June 27- July 19, 2015
"Do not underestimate objects, he advises Stice. Do not leave objects out of account. The world, after all, which is radically old, is made up mostly of objects."
—David Foster Wallace, Infinite Jest
Monte Vista Projects is pleased to present A Good Wall, an exhibition of new work by Jason Kunke. A Good Wall consists of two related bodies of work, each considering how objects both submit to and resist our perception of them. Materiality is stressed and subverted in both bodies of work as a method to examine the gap between perception and the world itself, touching on issues of aesthetics and authority.
Grace Hartigan and Signature Strike are mimetic sculptures of neon signs, designed with the assistance of both neon sign and steel fabricators. Unlike real neon signs they do not emit light, but are finished in matte black to absorb as much light as possible, inverting the generous light of regular neon signs; instead of giving, the fake neon signs refuse. This refusal is emphasized in the words the fake signs display. “A Surface That Resists”, is artist Grace Hartigan’s description of the AbEx notion of the subjective mastery of the world achieved through epic, transcendental objects. “Signature Strike” is a term from the vocabulary of drone warfare, describing a method of killing targets based on certain general characteristics rather than an actual identity. Considering how Abstract Expressionism was promoted during the Cold War by the U.S. government as a testament to American cultural freedom, these sculptures connect Abstract Expressionism and drone warfare, examining their shared strategy of generating and using objects to exert and disseminate power.
Also included are paintings of Martian landscapes using a new type of paint. The artist himself makes this paint by grinding minerals containing quantum spin liquid into powders, which are then dispersed into binders.

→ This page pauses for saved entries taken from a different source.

(* Let $p\in[1,\infty)$, $w$ a weight sequence, and let $A\subset L_{p,w}$ be bounded in $\|\cdot\|_{p,w}$ and equinormed with respect to $\{\|\cdot\|_{p,w,i}\}_{i\in\mathbb{N}}$. Then $$\forall\varepsilon>0\ \exists N\in\mathbb{N}\ \forall a\in A\ \forall i\ge N:\ \|(a_{i+1},a_{i+2},\dots)\|_{p,w}^p<\varepsilon.$$
   Context: A weight sequence is a sequence $w=(w_i)$ of positive reals with $w_1=1\ge w_2\ge\dots$, $w_i\to0$, and $\sum_i w_i=+\infty$. For a real sequence $a$, $\|a\|_{p,w}=\sup_{\sigma}\big(\sum_{i=1}^\infty |a_{\sigma_i}|^p w_i\big)^{1/p}$ over all permutations $\sigma$ of $\mathbb{N}$; $L_{p,w}$ is the set of real sequences with finite norm. $\|a\|_{p,w,i}=\|(a_1,\dots,a_i,0,0,\dots)\|_{p,w}$. $A$ is equinormed if $\forall\varepsilon>0\ \exists i\ \forall a\in A:\ \|a\|_{p,w}\le\|a\|_{p,w,i}+\varepsilon$. *)

(* MathComp + MathComp-Analysis, R : realType.
   Sequences are indexed from 0: the paper's a_1, a_2, ... is a 0, a 1, ... *)
From mathcomp Require Import all_boot all_order all_algebra.
From mathcomp Require Import all_classical all_reals all_analysis.
Set Implicit Arguments. Unset Strict Implicit. Unset Printing Implicit Defensive.
Import Order.TTheory GRing.Theory Num.Theory.
Local Open Scope classical_set_scope.
Local Open Scope ring_scope.

Section Lorentz.
Context {R : realType}.

Definition weight_seq (w : nat -> R) : Prop :=
  [/\ w 0%N = 1,
      (forall i, 0 < w i),
      (forall i, w i.+1 <= w i),
      w @ \oo --> 0
    & (\sum_(0 <= i <oo) (w i)%:E = +oo)%E].

Definition lpw_normp (p : R) (w : nat -> R) (a : nat -> R) : \bar R :=
  ereal_sup [set (\sum_(0 <= i <oo) ((`|a (s i)| `^ p * w i)%:E))%E
            | s in [set s : nat -> nat | bijective s]].

Definition lpw_norm (p : R) (w : nat -> R) (a : nat -> R) : \bar R :=
  (lpw_normp p w a `^ p^-1)%E.

Definition Lpw (p : R) (w : nat -> R) : set (nat -> R) :=
  [set a | (lpw_norm p w a < +oo)%E].

Definition trunc (i : nat) (a : nat -> R) : nat -> R :=
  fun k => if (k < i)%N then a k else 0.

Definition lpw_norm_i (p : R) (w : nat -> R) (i : nat) (a : nat -> R) : \bar R :=
  lpw_norm p w (trunc i a).

Definition tail (i : nat) (a : nat -> R) : nat -> R := fun k => a (k + i)%N.

Definition lpw_bounded (p : R) (w : nat -> R) (A : set (nat -> R)) : Prop :=
  exists M : R, forall a, A a -> (lpw_norm p w a <= M%:E)%E.

Definition equinormed (p : R) (w : nat -> R) (A : set (nat -> R)) : Prop :=
  forall eps : R, 0 < eps -> exists i : nat, forall a, A a ->
    (lpw_norm p w a <= lpw_norm_i p w i a + eps%:E)%E.

End Lorentz.

From mathcomp Require Import all_boot all_order all_algebra.
From mathcomp Require Import all_classical all_reals all_analysis.
From mathcomp Require Import lra.
Import Order.TTheory GRing.Theory Num.Theory.
Local Open Scope classical_set_scope.
Local Open Scope ring_scope.

(* Work with the p-th power [lpw_normp] of the norm: the supremum, over
   bijections s, of sum_k |a (s k)|^p w k.  Boundedness and the mean value
   bound y^p - x^p <= p M^(p-1) (y - x) turn equinormedness into: for every
   δ > 0 there is i with ||a||^p <= ||trunc i a||^p + δ on A.
   First, the entries of A are uniformly small far out: a near-optimal
   arrangement of trunc i a carries a value below d/2 in some slot q < n0
   (the partial sums of w diverge while the norms are bounded), and swapping
   an entry |a_k|^p >= d with k >= i into that slot would gain
   d/2 * w n0 > 2δ.
   Then, for j >= i, an arrangement s of tail j a merged with a near-optimal
   arrangement t of trunc i a (the tail fills the slots where t reads zeros)
   is an arrangement of a, up to the at most i slots where t reads one of
   a_0, ..., a_(i-1); there the tail only contributes small entries.  Hence
   ||tail j a||^p <= ||a||^p - ||trunc i a||^p + 2δ <= 3δ. *)

Definition nswap (a b x : nat) : nat :=
  if x == a then b else if x == b then a else x.

Lemma nswapl a b : nswap a b a = b.
Proof. by rewrite /nswap eqxx. Qed.

Lemma nswapr a b : nswap a b b = a.
Proof. by rewrite /nswap eqxx; case: eqP => [->|]. Qed.

Lemma nswap_id a b x : x != a -> x != b -> nswap a b x = x.
Proof. by rewrite /nswap => /negPf -> /negPf ->. Qed.

Lemma nswapK a b : involutive (nswap a b).
Proof.
move=> x; have [->|xa] := eqVneq x a; first by rewrite nswapl nswapr.
have [->|xb] := eqVneq x b; first by rewrite nswapr nswapl.
by rewrite !nswap_id.
Qed.

Lemma nswap_bij a b : bijective (nswap a b).
Proof. exact: inv_bij (nswapK a b). Qed.

Lemma inj_prefix_bij (u : nat -> nat) n : injective u ->
  exists2 v : nat -> nat, bijective v & forall k, (k < n)%N -> v k = u k.
Proof.
move=> u_inj; elim: n => [|n [v v_bij vu]]; first by exists id => //; exists id.
exists (nswap (v n) (u n) \o v); first exact: bij_comp (nswap_bij _ _) v_bij.
move=> k; rewrite ltnS leq_eqVlt => /predU1P [->|kn] /=.
  by rewrite nswapl.
rewrite (vu k kn) nswap_id //; apply/eqP => ukE.
- move: ukE; rewrite -(vu k kn) => /(bij_inj v_bij) kE.
  by rewrite kE ltnn in kn.
- by rewrite (u_inj _ _ ukE) ltnn in kn.
Qed.

Lemma merge_inj {t s : nat -> nat} {i j : nat} :
  injective t -> injective s -> (i <= j)%N ->
  injective (fun m => if (t m < i)%N then t m else (s m + j)%N).
Proof.
move=> t_inj s_inj ij m1 m2.
have t_neq_shift m m' : (t m < i)%N -> t m != (s m' + j)%N.
  by move=> tmi; rewrite neq_ltn (leq_trans tmi (leq_trans ij (leq_addl _ _))).
case: ifP => h1; case: ifP => h2 e; first exact: t_inj.
- by move: (t_neq_shift m1 m2 h1); rewrite e eqxx.
- by move: (t_neq_shift m2 m1 h2); rewrite e eqxx.
- by move/eqP: e; rewrite eqn_add2r => /eqP/s_inj.
Qed.

Lemma count_inj_lt (t : nat -> nat) i n : injective t ->
  (count (fun k => t k < i) (iota 0 n) <= i)%N.
Proof.
move=> t_inj; rewrite -size_filter -(size_map t) -[leqRHS](size_iota 0 i).
apply: uniq_leq_size; first by rewrite map_inj_uniq ?filter_uniq ?iota_uniq.
by move=> y /mapP [k]; rewrite mem_filter => /andP [tki _] ->; rewrite mem_iota.
Qed.

Lemma nneseries_le_ub {R : realType} (u : nat -> \bar R) (x : \bar R) :
  (forall k, (0 <= u k)%E) -> (forall n, (\sum_(0 <= k < n) u k <= x)%E) ->
  (\sum_(0 <= k <oo) u k <= x)%E.
Proof.
move=> u_ge0 ub; apply: lime_le; last exact: nearW.
by apply: is_cvg_nneseries => k _ _; exact: u_ge0.
Qed.

Lemma nneseries_single {R : realType} q (c : R) : 0 <= c ->
  (\sum_(0 <= m <oo) (if m == q then c else 0)%:E = c%:E)%E.
Proof.
move=> c_ge0; rewrite (@nneseriesD1 _ _ q) // => [|k _]; last by case: ifP.
by rewrite eqxx eseries0 ?adde0 // => m _ /= /negPf ->.
Qed.

Lemma nneseries_count_inj_le {R : realType} (t : nat -> nat) i (c : R) :
  0 <= c -> injective t ->
  (\sum_(0 <= m <oo) (if (t m < i)%N then c else 0)%:E <= (c *+ i)%:E)%E.
Proof.
move=> c_ge0 t_inj; apply: nneseries_le_ub => [m|n].
  by case: ifP => _; rewrite lee_fin.
rewrite sumEFin lee_fin -big_mkcond big_const_seq iter_addr_0.
exact/ler_wpMn2l/count_inj_lt.
Qed.

Lemma powR_sub_le {R : realType} (p x y : R) : 1 <= p -> 0 <= x <= y ->
  y `^ p - x `^ p <= p * y `^ (p - 1) * (y - x).
Proof.
move=> p_ge1 /andP [x_ge0 xy]; have p_gt0 : 0 < p by apply: lt_le_trans p_ge1.
have powRy1 : y `^ (p - 1) * y = y `^ p.
  have [->|y_neq0] := eqVneq y 0; first by rewrite mulr0 powR0 ?gt_eqF.
  rewrite -[X in _ * X](powRr1 (le_trans x_ge0 xy)) -powRD ?subrK //.
  by rewrite y_neq0 implybT.
have [->|x_gt0] := eqVneq x 0.
  rewrite powR0 ?gt_eqF // !subr0 -mulrA powRy1 -[leLHS]mul1r.
  by rewrite ler_wpM2r ?powR_ge0.
have {x_gt0}x_gt0 : 0 < x by rewrite lt_neqAle eq_sym x_gt0.
have [<-|lt_xy] := eqVneq x y; first by rewrite !subrr mulr0.
have {lt_xy}lt_xy : x < y by rewrite lt_neqAle lt_xy.
have powR_der z :
    z \in `]x, y[ -> is_derive z 1 (@powR R ^~ p) (p * z `^ (p - 1)).
  by rewrite in_itv => /andP [xz _]; apply: is_derive1_powR; exact: lt_trans xz.
have powR_derivable : {in `[x, y], forall z, derivable (@powR R ^~ p) z 1}.
  move=> z; rewrite in_itv /= => /andP [xz _].
  by apply: derivable_powR; rewrite in_itv /= andbT; exact: lt_le_trans xz.
have [c] := MVT lt_xy powR_der (derivable_within_continuous powR_derivable).
rewrite in_itv /= => /andP [xc cy] ->.
rewrite ler_wpM2r ?subr_ge0 // ler_wpM2l ?(ltW p_gt0) //.
by apply: ge0_ler_powR; rewrite ?nnegrE ?subr_ge0 // ltW // (lt_trans x_gt0).
Qed.

Section Rearrangements.
Context {R : realType} (p : R) (w : nat -> R).
Hypothesis p_gt0 : 0 < p.
Hypothesis w_ge0 : forall k, 0 <= w k.

Definition arr_term (a : nat -> R) (s : nat -> nat) k : \bar R :=
  (`|a (s k)| `^ p * w k)%:E.

Definition arr_sum (a : nat -> R) (s : nat -> nat) : \bar R :=
  (\sum_(0 <= k <oo) arr_term a s k)%E.

Lemma arr_term_ge0 a s k : (0 <= arr_term a s k)%E.
Proof. by rewrite lee_fin mulr_ge0 ?powR_ge0. Qed.

Lemma arr_sum_ge0 a s : (0 <= arr_sum a s)%E.
Proof. by apply: nneseries_ge0 => k _ _; exact: arr_term_ge0. Qed.

Lemma arr_sum_le_normp a s : bijective s -> (arr_sum a s <= lpw_normp p w a)%E.
Proof. by move=> s_bij; apply: ereal_sup_ubound; exists s. Qed.

Lemma lpw_normp_le_ub a (x : \bar R) :
  (forall s, bijective s -> (arr_sum a s <= x)%E) -> (lpw_normp p w a <= x)%E.
Proof. by move=> ub; apply: ge_ereal_sup => _ [s s_bij <-]; exact: ub. Qed.

Lemma lpw_normp_ge0 a : (0 <= lpw_normp p w a)%E.
Proof.
apply: le_trans (arr_sum_ge0 a id) _; apply: arr_sum_le_normp; exact: inv_bij.
Qed.

Lemma arr_sum_inj_le_normp a u : injective u ->
  (arr_sum a u <= lpw_normp p w a)%E.
Proof.
move=> u_inj; apply: nneseries_le_ub => [k|n]; first exact: arr_term_ge0.
have [v v_bij vu] := inj_prefix_bij u n u_inj.
apply: le_trans _ (arr_sum_le_normp a _ v_bij).
apply: le_trans _ (nneseries_lim_ge n (fun k _ _ => arr_term_ge0 a v k)).
rewrite (eq_big_nat _ _ (F2 := arr_term a v)) // => k /andP [_ kn].
by rewrite /arr_term vu.
Qed.

Lemma lpw_normp_le_abs a b : (forall k, `|b k| <= `|a k|) ->
  (lpw_normp p w b <= lpw_normp p w a)%E.
Proof.
move=> ba; apply: lpw_normp_le_ub => s s_bij.
apply: le_trans _ (arr_sum_le_normp a _ s_bij).
apply: lee_nneseries => [k _ _|k _]; first exact: arr_term_ge0.
rewrite lee_fin ler_wpM2r //.
by apply: ge0_ler_powR; rewrite ?nnegrE ?(ltW p_gt0).
Qed.

Lemma abs_trunc_le i (a : nat -> R) k : `|trunc i a k| <= `|a k|.
Proof. by rewrite /trunc; case: ifP => _ //; rewrite normr0. Qed.

Lemma lpw_normp_trunc_le i (a : nat -> R) :
  (lpw_normp p w (trunc i a) <= lpw_normp p w a)%E.
Proof. exact/lpw_normp_le_abs/abs_trunc_le. Qed.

Quantum spin liquid is a state of matter that, though predicted by theoretical physicists in 1973, was only experimentally confirmed to exist in 2012. It occurs naturally in a handful of mineral crystals, including jarosite, atacamite, and cobalt aluminate. The rarity and difficulty of these paints results in a limited palette and constrained aesthetics. In 2004, a NASA robotic rover discovered jarosite on Mars, confirming suspicions that water had been present on the planet. Images from this and other Mars drones are used to create landscapes, some of which break down into abstracted gestures playing off the simplest tropes of atmospheric perspective.Both bodies of work inhabit the space between our coarse sensory apparatus and the finer, inaccessible machinations of the world, a space normally filled with intentional stances and pathetic fallacies, where we do work “(w)ith a good shovel in the good earth.”
Jason Kunke is a Los Angeles based artist whose practice includes sculpture, drawing, installation, video, and performance. His art examines how authority and aesthetics inform each other. He received his MFA from CalArts in 2007, and his BFA (with a minor in sociology) from University of Houston in 2004. He has exhibited nationally at Polvo in Chicago, Commerce Street Artist Warehouse in Houston, and 25CPW in New York. In Los Angeles he has exhibited at Sea and Space Explorations, LAXART, and Dan Graham, and recently issued a limited edition print with Insert Blanc Press. Along with five other artists, he co-runs Elephant, an artist run space in Glassell Park.